__Work request__. If a line in the records below includes the word "ffunP", count it, then give the total and nothing else.
--------------------------------------------------
Lemma subspace_rowspace m (P : vset R m) : is_subspace P ->
  exists r (B : 'M[C]_(r, m)), forall v, P v <-> (v^T <= B)%MS.
Proof.
move=> [P0 [PD PZ]].
have finish r (B : 'M[C]_(r, m)) : (forall u, (u <= B)%MS -> P u^T) ->
    ~ (exists v, P v /\ ~~ (v^T <= B)%MS) ->
    exists r (B : 'M[C]_(r, m)), forall v, P v <-> (v^T <= B)%MS.
  move=> BP no; exists r, B => v; split => [Pv|/BP]; last by rewrite trmxK.
  by apply: NNPP => vB; apply: no; exists v; split => //; apply/negP.
have grow r (B : 'M[C]_(r, m)) v : P v -> ~~ (v^T <= B)%MS ->
    (forall u, (u <= B)%MS -> P u^T) ->
    (B < col_mx B v^T)%MS /\ (forall u, (u <= col_mx B v^T)%MS -> P u^T).
  move=> Pv vB BP; split.
    by rewrite ltmxE col_mx_sub submx_refl (negbTE vB) andbF -addsmxE addsmxSl.
  move=> u; rewrite -addsmxE => /sub_addsmxP [[u1 u2] /= ->].
  have /sub_rVP [a ->] : (u2 *m v^T <= v^T)%MS by apply: submxMl.
  by rewrite linearD /= linearZ /= trmxK; apply: PD; [apply/BP/submxMl | apply: PZ].
suff: forall k r (B : 'M[C]_(r, m)), (m - \rank B <= k)%N ->
    (forall u, (u <= B)%MS -> P u^T) ->
    exists r (B : 'M[C]_(r, m)), forall v, P v <-> (v^T <= B)%MS.
  move/(_ m m 0); apply; first by rewrite leq_subr.
  by move=> u; rewrite submx0 => /eqP ->; rewrite trmx0.
elim=> [|k IH] r B rkB BP;
  (have [[v [Pv vB]]|no] := classic (exists v, P v /\ ~~ (v^T <= B)%MS);
   last exact: finish BP no).
  have [/rank_ltmx ltB _] := grow _ _ _ Pv vB BP.
  by have := rank_leq_col (col_mx B v^T); lia.
have [/rank_ltmx ltB BvP] := grow _ _ _ Pv vB BP.
by apply: (IH _ _ _ BvP); have := rank_leq_col (col_mx B v^T); lia.
Qed.

(* [W W^*] is the projector when the columns of [W] are an orthonormal basis of [P];
   the basis comes from Gram-Schmidt. *)
Lemma projmxP m (P : vset R m) : is_subspace P -> is_proj_onto (projmx P) P.
Proof.
move=> SP; apply: (epsilon_spec _ (fun M : 'M[C]_m => is_proj_onto M P)).
have [r [B PB]] := subspace_rowspace SP.
set S := schmidt (row_base B).
have SS : S *m (S ^t* )%sesqui = 1%:M.
  by apply/unitarymxP/schmidt_unitarymx/rank_leq_col.
have SB : (S :=: B)%MS.
  by apply: eqmx_trans (eq_row_base B); apply/eqmx_schmidt_free/row_base_free.
set W := S^T.
have WW : dag W *m W = 1%:M.
  have -> : dag W = (S ^t* )%sesqui^T by apply/matrixP => i j; rewrite !mxE.
  by rewrite -trmx_mul SS trmx1.
exists (W *m dag W); split; first by rewrite dagM dagK.
split; first by rewrite mulmxA -(mulmxA W) WW mulmx1.
move=> v; split => [[w ->]|].
  by apply/PB; rewrite -SB -mulmxA trmx_mul trmxK submxMl.
move/PB; rewrite -SB => /submxP [x vx].
have -> : v = W *m x^T by rewrite /W -trmx_mul -vx trmxK.
by exists (W *m x^T); rewrite -mulmxA (mulmxA (dag W)) WW mul1mx.
Qed.

Lemma projmx_dag m (P : vset R m) : is_subspace P -> dag (projmx P) = projmx P.
Proof. by case/projmxP. Qed.

Lemma supp_projmx m (P : vset R m) : is_subspace P -> supp (projmx P) = P.
Proof. by case/projmxP => _ [_ suppP]; apply: vset_ext. Qed.

Lemma psd_projmx m (P : vset R m) : is_subspace P -> psd (projmx P).
Proof. by case/projmxP => dagP [PP _]; rewrite -PP -{2}dagP; apply: psd_gram. Qed.

End Projection.

Section BasicCommands.
Variable R : realType.
Local Notation C := (R[i]).

Lemma abs_kraus1_subspace n (A : 'M[C]_(qdim n)) (Q : vset R (qdim n)) :
  is_subspace Q -> abs_kraus (fun _ : 'I_1 => A) Q = (fun v => exists psi, Q psi /\ v = A *m psi).
Proof. by move=> SQ; rewrite abs_kraus1 span_id //; apply: img_subspace. Qed.

Lemma ca_skip n : complete_abstraction (sem (Skip R n)) (@abs_skip R n).
Proof.
move=> Rs Rs_pdo; rewrite (@ca_kraus _ _ _ _ (fun _ : 'I_1 => 1%:M) _ Rs Rs_pdo); last first.
  by move=> rho _; rewrite big_ord1 dag1 mul1mx mulmx1.
rewrite abs_kraus1_subspace; last exact: span_subspace.
by apply: vset_ext => v; split => [[psi [Qpsi ->]]|Qv]; [rewrite mul1mx | exists v; rewrite mul1mx].
Qed.

Lemma ca_unit n t (qs : t.-tuple 'I_n) (U : 'M[C]_(qdim t)) :
  complete_abstraction (sem (Unit qs U)) (abs_unit qs U).
Proof.
move=> Rs Rs_pdo; rewrite (@ca_kraus _ _ _ _ (fun _ : 'I_1 => ext qs U) _ Rs Rs_pdo).
  by rewrite abs_kraus1_subspace //; apply: span_subspace.
by move=> rho _; rewrite big_ord1.
Qed.

Lemma ca_assert n t (qs : t.-tuple 'I_n) (P : vset R (qdim t)) :
  is_subspace P -> complete_abstraction (sem (Assert qs P)) (abs_assert qs P).
Proof.
move=> SP Rs Rs_pdo.
rewrite (@ca_kraus _ _ _ _ (fun _ : 'I_1 => ext qs (projmx P)) _ Rs Rs_pdo) ?abs_kraus1 //.
by move=> rho _; rewrite big_ord1 dag_ext projmx_dag.
Qed.

End BasicCommands.

Section Initialisation.
Variable R : realType.
Local Notation C := (R[i]).
Variables (n t : nat) (qs : t.-tuple 'I_n).
Hypothesis qs_uniq : uniq qs.

Lemma idx_eqE m (u : bst m) i : (idx u == i) = (u == st i).
Proof. by apply/eqP/eqP => [<-|->]; rewrite /idx /st ?enum_rankK ?enum_valK. Qed.

Lemma eq_idxE m (u : bst m) i : (i == idx u) = (st i == u).
Proof. by rewrite eq_sym idx_eqE eq_sym. Qed.

(* The assignment to [V] agreeing with [a] on [qs] and with [c] elsewhere. *)
Definition join (a : bst t) (c : cbst qs) : bst n :=
  [ffun v => if insub v is Some w then c w else nth false (fgraph a) (index v qs)].

Lemma res_join a c : res qs (join a c) = a.
Proof.
apply/ffunP => j; rewrite !ffunE insubF ?mem_tnth //.
by rewrite (tnth_nth (tnth qs j)) index_uniq ?size_tuple // nth_fgraph_ord.
Qed.

Lemma resc_join a c : resc qs (join a c) = c.
Proof. by apply/ffunP => w; rewrite !ffunE valK. Qed.

Lemma join_res x : join (res qs x) (resc qs x) = x.
Proof.
apply/ffunP => v; rewrite !ffunE; case: insubP => [w _ <-|]; first by rewrite ffunE.
rewrite negbK => vqs; have lt_v : (index v qs < t)%N by rewrite -{2}(size_tuple qs) index_mem.
by rewrite (nth_fgraph_ord false (Ordinal lt_v)) ffunE (tnth_nth v) /= nth_index.
Qed.

Lemma join_eqE x a c : (x == join a c) = (res qs x == a) && (resc qs x == c).
Proof.
apply/eqP/andP => [->|[/eqP <- /eqP <-]]; last by rewrite join_res.
by rewrite res_join resc_join.
Qed.

(* [tens0_mx] is [|0>_qs (x) I] and [slice_mx a] is [<a|_qs (x) I]. *)
Definition tens0_mx : 'M[C]_(qdim n, cdim qs) :=
  \matrix_(i, c) ((res qs (st i) == [ffun _ => false]) && (resc qs (st i) == enum_val c))%:R.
--------------------------------------------------
__Exercise output__. 3